◆ Requirement
Each line below that contains the word "unfold" must be copied.
Records: Begin
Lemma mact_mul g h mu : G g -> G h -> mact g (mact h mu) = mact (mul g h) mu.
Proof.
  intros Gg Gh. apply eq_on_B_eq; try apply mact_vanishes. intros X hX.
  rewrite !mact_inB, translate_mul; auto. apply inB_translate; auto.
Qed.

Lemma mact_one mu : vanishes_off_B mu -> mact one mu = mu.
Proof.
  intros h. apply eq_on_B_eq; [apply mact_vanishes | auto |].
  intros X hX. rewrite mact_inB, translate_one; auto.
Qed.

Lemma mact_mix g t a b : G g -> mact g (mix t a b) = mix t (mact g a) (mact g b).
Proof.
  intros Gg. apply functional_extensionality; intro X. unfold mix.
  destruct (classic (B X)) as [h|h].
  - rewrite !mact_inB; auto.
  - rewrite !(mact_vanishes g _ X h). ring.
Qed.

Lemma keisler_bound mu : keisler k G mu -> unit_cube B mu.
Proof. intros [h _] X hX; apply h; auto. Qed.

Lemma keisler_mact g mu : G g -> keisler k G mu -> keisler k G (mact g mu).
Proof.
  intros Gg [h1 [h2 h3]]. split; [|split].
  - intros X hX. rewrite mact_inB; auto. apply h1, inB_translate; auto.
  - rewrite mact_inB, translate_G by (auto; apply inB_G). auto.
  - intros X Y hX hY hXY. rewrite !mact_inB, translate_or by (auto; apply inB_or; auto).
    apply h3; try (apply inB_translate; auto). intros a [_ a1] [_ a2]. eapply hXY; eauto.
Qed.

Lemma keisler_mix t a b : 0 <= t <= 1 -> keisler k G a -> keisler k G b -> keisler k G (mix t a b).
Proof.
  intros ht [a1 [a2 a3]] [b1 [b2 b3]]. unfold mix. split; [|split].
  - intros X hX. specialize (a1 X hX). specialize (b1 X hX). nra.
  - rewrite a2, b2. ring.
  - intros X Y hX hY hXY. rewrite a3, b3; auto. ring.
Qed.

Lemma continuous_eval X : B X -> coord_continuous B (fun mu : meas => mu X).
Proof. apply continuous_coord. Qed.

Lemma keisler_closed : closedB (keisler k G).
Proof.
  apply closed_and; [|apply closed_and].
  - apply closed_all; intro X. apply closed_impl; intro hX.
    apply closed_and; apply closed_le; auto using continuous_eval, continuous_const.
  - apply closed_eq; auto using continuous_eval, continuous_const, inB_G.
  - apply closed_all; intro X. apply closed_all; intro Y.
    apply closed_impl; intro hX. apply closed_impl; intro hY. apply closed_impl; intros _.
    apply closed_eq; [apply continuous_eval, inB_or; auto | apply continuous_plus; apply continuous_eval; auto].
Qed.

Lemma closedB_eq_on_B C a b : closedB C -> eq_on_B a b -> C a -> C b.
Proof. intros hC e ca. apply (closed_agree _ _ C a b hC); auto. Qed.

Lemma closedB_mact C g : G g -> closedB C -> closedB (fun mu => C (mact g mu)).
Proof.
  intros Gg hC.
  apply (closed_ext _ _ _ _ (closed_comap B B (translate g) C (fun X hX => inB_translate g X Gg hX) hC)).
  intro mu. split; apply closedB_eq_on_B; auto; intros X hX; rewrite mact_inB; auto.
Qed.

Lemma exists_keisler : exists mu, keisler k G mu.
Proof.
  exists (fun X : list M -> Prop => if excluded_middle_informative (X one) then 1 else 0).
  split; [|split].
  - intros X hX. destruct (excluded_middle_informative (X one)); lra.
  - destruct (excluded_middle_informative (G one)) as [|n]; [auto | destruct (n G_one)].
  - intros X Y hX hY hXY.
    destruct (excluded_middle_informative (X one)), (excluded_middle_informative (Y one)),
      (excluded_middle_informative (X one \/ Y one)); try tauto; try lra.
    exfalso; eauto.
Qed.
Records: End
◆ Response to this exercise
  intros Gg. apply functional_extensionality; intro X. unfold mix.
  intros ht [a1 [a2 a3]] [b1 [b2 b3]]. unfold mix. split; [|split].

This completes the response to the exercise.